Fundamentals of Convolutional Neural Networks (CNN)

0 Introduction

In the past few days, I have watched several videos and read blog posts about convolutional neural networks. I have organized the knowledge and content that I found useful, clarified the logic, and wrote it down here for future reference, so I can easily revisit it without losing it.

1 Convolutional Neural Networks

Since it is called a convolutional neural network, it primarily consists of convolution and then neural networks, which is a combination of the two. The concept of convolution actually comes from the field of signal processing, generally involving the convolution operation of two signals, as shown in the figure below:

Fundamentals of Convolutional Neural Networks (CNN)

Neural Networks, this is the elder of machine learning, simulating the working mechanism of human brain neurons. Each neuron is a computational unit, where the input data is multiplied by weights, summed, and then added to a bias. The resulting data is then passed through an activation function to produce output, as shown in the figure below. Multiple neurons are interconnected to form a neural network, but I won’t elaborate on that here.

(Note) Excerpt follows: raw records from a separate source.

(* Gallager's random-coding argument with rho = s / (1 - s), so that
   (1 - s) (1 + rho) = 1 and s <= 1/2 gives rho <= 1.  For a fixed encoder e,
   the MAP decoder errs on (m, y) only if some m' <> m is at least as likely,
   so the error is bounded by
     sum_m sum_y (P_M(m) W(y|e m))^(1-s) (sum_(m' <> m) (P_M(m') W(y|e m'))^(1-s))^rho.
   Averaging over encoders drawn i.i.d. from P_X, the codeword e m is
   independent of the competing codewords, and Jensen's inequality for the
   concave map t |-> t^rho moves the average inside the inner power.  What
   remains is (sum_m P_M(m)^(1-s))^(1+rho) sum_y g(y)^(1+rho) with
   g(y) = sum_x P_X(x) W(y|x)^(1-s), which is the claimed bound since
   1 + rho = 1 / (1 - s); the minimal error is at most this average. *)
From HB Require Import structures.
From mathcomp Require Import all_boot.
From Stdlib Require Import Reals Lra.
Set Implicit Arguments.
Unset Strict Implicit.
Unset Printing Implicit Defensive.
Open Scope R_scope.
Definition pos_roots : seq int4 := [::
  (1, 0, 0, 0); (0, 1, 0, 0); (0, 0, 1, 0); (0, 0, 0, 1); (1, 1, 0, 0); (0, 1, 1, 0);
  (0, 1, 0, 1); (1, 1, 1, 0); (1, 1, 0, 1); (0, 1, 1, 1); (1, 1, 1, 1); (1, 2, 1, 1)].

Definition two_eps : seq int4 := [:: (2, 2, 1, 1); (0, 2, 1, 1); (0, 0, 1, 1); (0, 0, -1, 1)].

(* In root coordinates, [g0 = sum_(alpha in Phi) e^alpha - sum_i (e^(2 eps_i) + e^(-2 eps_i))]
   where [+- eps_i] are the weights of the vector representation; its [inv_form]-moment is
   [24 * 2 - 8 * 4 = 16]. *)
Definition g0 : GR :=
  orbit_sum (pos_roots ++ map opp4 pos_roots) - orbit_sum (two_eps ++ map opp4 two_eps).

Lemma g0_ZT : in_ZT g0.
Proof. exact/in_ZTB/in_ZT_orbit_sum/in_ZT_orbit_sum. Qed.

Lemma g0_W : W_invariant g0.
Proof. by apply: W_invariantB; apply: W_invariant_orbit_sum; apply: ord4P. Qed.

Lemma g0_inv_form : gr_pair (inv_form \o coords) g0 = 16.
Proof. by rewrite gr_pairB !gr_pair_orbit_sum unlock. Qed.

Definition aug_reduce (f : GR) : GR := f - << aug f *g 0 >>.

Lemma in_ZT_aug_reduce f : in_ZT f -> in_ZT (aug_reduce f).
Proof. by move=> fZ; apply: in_ZTB fZ _; apply: in_ZTU; exists 0; rewrite mul0mx. Qed.

Lemma gr_pair_aug_reduce P f : P 0 = 0 -> gr_pair P (aug_reduce f) = gr_pair P f.
Proof. by move=> P0; rewrite gr_pairB gr_pairU P0 mulr0 subr0. Qed.

Lemma IWsc_aug_reduce f : W_invariant f -> in_IWsc (aug_reduce f).
Proof.
move=> fW; exists [:: (<< (0 : weight) >>, aug_reduce f)].
split; last by rewrite big_seq1 gr_mul1l.
move=> p; rewrite inE => /eqP -> /=; split.
  by move=> w wW; rewrite raddfB /= gr_actU (inWeyl_fix0 wW) fW.
by rewrite -[aug _]mul1r -gr_pair_cst gr_pairB gr_pairU gr_pair_cst !mul1r mulr1 subrr.
Qed.

Lemma c2_aug_reduce f : c2 (aug_reduce f) = c2 f.
Proof. by apply: c2_eq_of_moments => *; apply: gr_pair_aug_reduce; rewrite mxE ?mul0r. Qed.

Theorem corollary10p4 : forall q : Sym, Sdec q <-> Dec q.
Proof.
move=> q; split=> [[f [fZ [fI <-]]] | [f [fZ [fW <-]]]]; last first.
  exists (aug_reduce f); rewrite c2_aug_reduce.
  by split; [exact: in_ZT_aug_reduce | split; first exact: IWsc_aug_reduce].
have [M fM] := inv_form_ZT_IWsc fZ fI.
have gW : W_invariant (M *: g0) := W_invariantZ M g0_W.
exists (M *: g0); split; first exact: in_ZTZ g0_ZT.
split; first exact: gW.
rewrite -c2_aug_reduce; apply: c2_IWsc_eq; [exact: IWsc_aug_reduce | exact: fI |].
rewrite gr_pair_aug_reduce; last by rewrite /comp /coords !mxE.
by rewrite gr_pairZ g0_inv_form fM mulrC.
Qed.
(* GTDS is co-recursively-enumerable, i.e., the set of GTDS instances that have no solution is recursively enumerable.
   Context: An instance of GTDS consists of a rational discount factor $0<\lambda<1$, a rational target $t$, and rational weights $a_1,\dots,a_k$ ($k\in\mathbb N$); a solution is an infinite sequence $w\in\{a_1,\dots,a_k\}^\omega$ with $\sum_{i=0}^\infty w(i)\lambda^i=t$. *)

From HB Require Import structures.
From mathcomp Require Import all_boot all_order all_algebra.
From mathcomp Require Import all_classical all_reals all_analysis.
From mathcomp Require Import Rstruct Rstruct_topology.

Set Implicit Arguments.
Unset Strict Implicit.
Unset Printing Implicit Defensive.
Import Order.TTheory GRing.Theory Num.Theory.
Import numFieldNormedType.Exports.
Local Open Scope classical_set_scope.
Local Open Scope ring_scope.

Definition gtds_solution (lam t : rat) (ws : seq rat) (w : nat -> rat) : Prop :=
  (forall i, w i \in ws) /\
  ((fun n => \sum_(0 <= i < n) (ratr (w i) * ratr lam ^+ i : Rdefinitions.R)) @ \oo
     --> (ratr t : Rdefinitions.R)).

Definition gtds_has_solution (lam t : rat) (ws : seq rat) : Prop :=
  exists w : nat -> rat, gtds_solution lam t ws w.

(* Untyped syntax of primitive recursive functions, evaluated on argument lists
   (missing arguments default to 0). *)
Inductive PR : Type :=
| PRzero : PR
| PRsucc : PR
| PRproj : nat -> PR
| PRcomp : PR -> list PR -> PR
| PRrec  : PR -> PR -> PR.         (* h(0,xs) = f xs ; h(m+1,xs) = g(m, h(m,xs), xs) *)

Fixpoint pr_eval (p : PR) (xs : seq nat) {struct p} : nat :=
  match p with
  | PRzero => 0%N
  | PRsucc => (head 0%N xs).+1
  | PRproj i => nth 0%N xs i
  | PRcomp f gs =>
      pr_eval f ((fix evs (l : list PR) : seq nat :=
                    match l with
                    | nil => [::]
                    | cons g l' => pr_eval g xs :: evs l'
                    end) gs)
  | PRrec f g =>
      let rest := behead xs in
      nat_rect (fun _ => nat) (pr_eval f rest)
               (fun m acc => pr_eval g [:: m, acc & rest]) (head 0%N xs)
  end.

(* A set of naturals is recursively enumerable iff it is the projection of a
   primitive recursive relation (Kleene normal form). *)
Definition re_set (P : nat -> Prop) : Prop :=
  exists p : PR, forall x : nat, P x <-> exists n : nat, pr_eval p [:: n; x] = 0%N.

Definition nat_pair (a b : nat) : nat := ((a + b) * (a + b).+1) %/ 2 + b.

Definition code_int (z : int) : nat :=
  match z with Posz n => n.*2 | Negz n => n.*2.+1 end.

Definition code_rat (q : rat) : nat := nat_pair (code_int (numq q)) (code_int (denq q)).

Fundamentals of Convolutional Neural Networks (CNN)

Convolutional neural networks have many applications in image classification and recognition, initially used for handwritten digit classification and gradually developed thereafter.

2 Image Formats

Let’s start with handwritten character image recognition. If an image is monochrome, it can be viewed as a two-dimensional numerical matrix, where the color of each pixel can be represented by a grayscale value. If the image is colored, it can be viewed as a combination of three monochrome images representing RGB.

Fundamentals of Convolutional Neural Networks (CNN)

Each pixel point of an image is actually a value, and the whole can be viewed as a three-dimensional matrix.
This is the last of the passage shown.